▶ [Task details]:
Only the lines containing the string "have" are needed; copy all of them from the listing.

BEGIN

(* One Gram-Schmidt step: correct the projection onto span{g 0, .., g (n-1)}
   along the component of g n orthogonal to that span. *)
Lemma orth_proj_exists n g x : exists p, is_orth_proj n g x p.
Proof.
elim: n x => [|n IH] x.
  by exists 0; split=> [|//]; exists (fun=> 0); rewrite big_ord0.
have [p [p_span p_orth]] := IH x; have [q [q_span q_orth]] := IH (g n).
have [w wE] : exists w, w = g n - q by eexists.
have w_orth j : (j < n)%N -> dot w (g j) = 0 by rewrite wE; apply: q_orth.
have wq : dot w q = 0 := dot_span_eq0 Hdot w_orth q_span.
have xpq : dot (x - p) q = 0 := dot_span_eq0 Hdot p_orth q_span.
have gnE : g n = w + q by rewrite wE subrK.
have [w0|wn0] := eqVneq (dot w w) 0.
  have {}w0 : w = 0 by case: Hdot => _ _ _; apply.
  exists p; split; first exact: in_span_widen.
  move=> j; rewrite ltnS leq_eqVlt => /orP[/eqP ->|]; last exact: p_orth.
  by rewrite gnE w0 add0r.
have [c cE] : exists c, c = dot (x - p) w / dot w w by eexists.
exists (p + c *: w); split.
  apply: in_spanD; first exact: in_span_widen.
  by rewrite wE; apply/in_spanZ/in_spanB; [exact: in_span_last|exact: in_span_widen].
rewrite opprD addrA => j; rewrite ltnS leq_eqVlt => /orP[/eqP ->|jn].
  have res_w : dot (x - p - c *: w) w = 0.
    by rewrite (dotBl Hdot) (dotZl Hdot) cE divfK ?subrr.
  by rewrite gnE (dotDr Hdot) res_w (dotBl Hdot) (dotZl Hdot) xpq wq mulr0 subrr addr0.
by rewrite (dotBl Hdot) (dotZl Hdot) p_orth // w_orth // mulr0 subr0.
Qed.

END

▶ [Answer section]:
have [p [p_span p_orth]] := IH x; have [q [q_span q_orth]] := IH (g n).
have [w wE] : exists w, w = g n - q by eexists.
have w_orth j : (j < n)%N -> dot w (g j) = 0 by rewrite wE; apply: q_orth.
have wq : dot w q = 0 := dot_span_eq0 Hdot w_orth q_span.
have xpq : dot (x - p) q = 0 := dot_span_eq0 Hdot p_orth q_span.
have gnE : g n = w + q by rewrite wE subrK.
have [w0|wn0] := eqVneq (dot w w) 0.
  have {}w0 : w = 0 by case: Hdot => _ _ _; apply.
have [c cE] : exists c, c = dot (x - p) w / dot w w by eexists.
  have res_w : dot (x - p - c *: w) w = 0.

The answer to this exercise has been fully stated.